Cheryl Anderson, an executive member with the naturalists, said she has no idea when a decision will be made in the case.

“It’s frustrating but there’s really nothing we can do about it. The decision rests with the three judges, it’s in their hands,” said Anderson.

Back in June 2013, the Environmental Review Tribunal [9] overturned the Ministry of Environment [10]‘s decision to grant Gilead Power a renewable energy approval for the project because it found it would pose a significant risk to the well being of the blanding’s turtle. The turtle calls Ostrander Point its home.
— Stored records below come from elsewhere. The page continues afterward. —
Lemma mi_chanE (W : X -> Z -> R) : (forall x z, 0 <= W x z) ->
  mi_chan W =
  \sum_z (\sum_x pX x * xlnx (W x z) - xlnx (\sum_x pX x * W x z)).
Proof.
move=> W_ge0; rewrite /mi_chan exchange_big; apply: eq_bigr => z _ /=.
set M := \sum_x pX x * W x z.
rewrite {2}/xlnx mulr_suml -sumrB; apply: eq_bigr => x _.
have [->|pX0] := eqVneq (pX x) 0; first by rewrite !mul0r subrr.
have [->|W0] := eqVneq (W x z) 0; first by rewrite /xlnx !(mul0r, mulr0) subrr.
have pX_gt0 : 0 < pX x by rewrite lt_def pX0 pX_ge0.
have W_gt0 : 0 < W x z by rewrite lt_def W0 W_ge0.
have M_gt0 : 0 < M.
  apply: lt_le_trans (mulr_gt0 pX_gt0 W_gt0) _.
  by rewrite /M (bigD1 x) //= lerDl sumr_ge0 // => y _; rewrite mulr_ge0.
by rewrite /xlnx lnM ?posrE ?invr_gt0 // lnV ?posrE //; ring.
Qed.

Lemma mi_chan_continuous (T : topologicalType) (A : set T)
    (W : T -> X -> Z -> R) :
  (forall a, A a -> forall x z, 0 <= W a x z) ->
  (forall x z, {within A, continuous (fun a => W a x z)}) ->
  {within A, continuous (fun a => mi_chan (W a))}.
Proof.
move=> W_ge0 W_cont.
apply: (@subspace_eq_continuous _ _ _ (fun a =>
    \sum_z (\sum_x pX x * xlnx (W a x z) - xlnx (\sum_x pX x * W a x z)))).
  move=> a; rewrite inE => Aa.
  by rewrite /from_subspace mi_chanE // => x z; exact: W_ge0.
have sum_cont (I : finType) (F : I -> subspace A -> R) :
    (forall i, continuous (F i)) -> continuous (fun a => \sum_i F i a).
  by move=> F_cont; apply: (continuous_big add_continuous) => i _; exact: F_cont.
have xlnx_cont (f : subspace A -> R) a :
    {for a, continuous f} -> {for a, continuous (fun b => xlnx (f b))}.
  by move=> f_cont; exact: continuous_comp f_cont (@continuous_xlnx _ _).
apply: (sum_cont _) => z a; apply: cvgB.
  apply: (sum_cont _) => x {}a; apply: cvgM; first exact: cvg_cst.
  exact: xlnx_cont (W_cont x z a).
apply: (xlnx_cont (fun b => \sum_x pX x * W b x z)).
by apply: (sum_cont _) => x {}a; apply: cvgM; [exact: cvg_cst | exact: W_cont].
Qed.
End ChannelInformation.

Section BinaryMixture.
Variables (R : realType) (X Z : finType) (pX : X -> R) (q : X -> bool -> Z -> R).
Hypotheses (pX_ge0 : forall x, 0 <= pX x) (q_ge0 : forall x y z, 0 <= q x y z).

Definition mix (a : R) (x : X) (z : Z) : R :=
  a * q x false z + (1 - a) * q x true z.

Lemma mi_chan_mix_continuous (T : topologicalType) (A : set T) (a : T -> R) :
  (forall t, A t -> 0 <= a t <= 1) -> {within A, continuous a} ->
  {within A, continuous (fun t => mi_chan pX (mix (a t)))}.
Proof.
move=> a01 a_cont; apply: mi_chan_continuous => //.
  move=> t /a01 /andP[a_ge0 a_le1] x z.
  by rewrite addr_ge0 ?mulr_ge0 ?subr_ge0.
move=> x z t; apply: cvgD; apply: cvgM; try exact: cvg_cst.
  exact: a_cont.
exact: cvgB (cvg_cst _) (a_cont t).
Qed.
End BinaryMixture.

Lemma pmf_bool_true (R : realType) (p : bool -> R) :
  is_pmf p -> p true = 1 - p false.
Proof. by case=> _; rewrite big_bool => <-; rewrite addrK. Qed.

Section JointUVXZ.
Context {R : realType} {Z : finType} {pU pV pX : bool -> R}.
Context {q : bool -> bool -> Z -> R}.
Hypothesis pU_ge0 : forall u, 0 <= pU u.
Hypotheses (pV_pmf : is_pmf pV) (pX_pmf : is_pmf pX).
Hypothesis q_pmf : forall x y, is_pmf (q x y).

Local Notation P := (jointUVXZ pU pV pX q).

Lemma jointUVXZ_ge0 t : 0 <= P t.
Proof.
case: t => [[[u v] x] z] /=.
by rewrite !mulr_ge0 ?(proj1 pV_pmf) ?(proj1 pX_pmf) ?(proj1 (q_pmf _ _)).
Qed.

Lemma big_uvxz (F : bool * bool * bool * Z -> R) :
  \sum_t F t = \sum_u \sum_v \sum_x \sum_z F (u, v, x, z).
Proof. by rewrite !pair_big; apply: eq_bigr => -[[[]]]. Qed.

Lemma prob_jointUVXZ (E : pred (bool * bool * bool * Z)) :
  prob P E = \sum_u \sum_v \sum_x
    pU u * pV v * pX x * \sum_(z | E (u, v, x, z)) q x (fmax u v) z.
Proof.
rewrite /prob big_mkcond big_uvxz; do 3!(apply: eq_bigr => ? _).
by rewrite mulr_sumr [RHS]big_mkcond; apply: eq_bigr => z _; case: ifP; rewrite ?mulr0.
Qed.

Lemma prob_jointUVXZ_eqZ (a : bool -> bool -> bool -> bool) (z : Z)
    (E : pred (bool * bool * bool * Z)) :
  (forall u v x z', E (u, v, x, z') = a u v x && (z' == z)) ->
  prob P E = \sum_u \sum_v \sum_x
    (if a u v x then pU u * pV v * pX x * q x (fmax u v) z else 0).
Proof.
move=> Ea; rewrite prob_jointUVXZ; do 3!(apply: eq_bigr => ? _).
under eq_bigl do rewrite Ea.
by case: ifP => _; rewrite ?big_pred1_eq ?big_pred0_eq ?mulr0.
Qed.
Arguments prob_jointUVXZ_eqZ a z {E}.

Lemma prob_jointUVXZ_anyZ (a : bool -> bool -> bool -> bool)
    (E : pred (bool * bool * bool * Z)) :
  (forall u v x z', E (u, v, x, z') = a u v x) ->
  prob P E = \sum_u \sum_v \sum_x (if a u v x then pU u * pV v * pX x else 0).
Proof.
move=> Ea; rewrite prob_jointUVXZ; do 3!(apply: eq_bigr => ? _).
under eq_bigl do rewrite Ea.
by case: ifP => _; rewrite ?big_pred0_eq ?mulr0 // (proj2 (q_pmf _ _)) mulr1.
Qed.
Arguments prob_jointUVXZ_anyZ a {E}.

(* Both sides of each event equation are the same conjunction of atomic
   equalities; [simpl] leaves closed boolean equalities such as [false == true]
   unreduced, hence the rewriting with [eqb_id] and [eqbF_neg]. *)
Local Ltac event_by_atoms :=
  by move=> ? ? ? ?; rewrite /tU /tV /tX /tZ /= ?xpair_eqE; do !case: (_ == _).
Local Ltac eval_bools :=
  rewrite !big_bool /= ?eqxx ?eqb_id ?eqbF_neg /=.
Gilead Power then appealed to the Divisional Court of Ontario [11], which concluded the tribunal had made legal errors in their findings, and was given permission again to go ahead with the project.

Last month, after the legal tug-of-war, the naturalists found themselves in the Court of Appeal for Ontario – the province’s top court – to stop the wind farm development for good.

Mike Lord, the president of Gilead Power, said he was told not to expect a decision before Christmas but remains optimistic a decision will be reached soon.

“I’m hopeful we’ll have a decision by the end of January but it still rests before the court,” Lord said.

When a decision is made, Lord said the unsuccessful party will be expected to pay the successful party in an amount determined by the court to cover legal fees.

If it gets the go-ahead, Gilead Power hopes to begin construction of the project, which consists of nine wind turbines, by Oct. 2015. The hope is the turbines will be in operation by the second quarter of 2016, Lord said.

“We’re hoping the appeals court will uphold the decision of the divisional court to reinstate the approval granted by the Ministry of Environment for the project,” said Lord.

Meanwhile, Anderson is hoping for the opposite.

“We hope the judges will understand the importance of Ostrander Point to the blanding’s turtle, to say we were right and that it’s no place for wind turbines,” she said.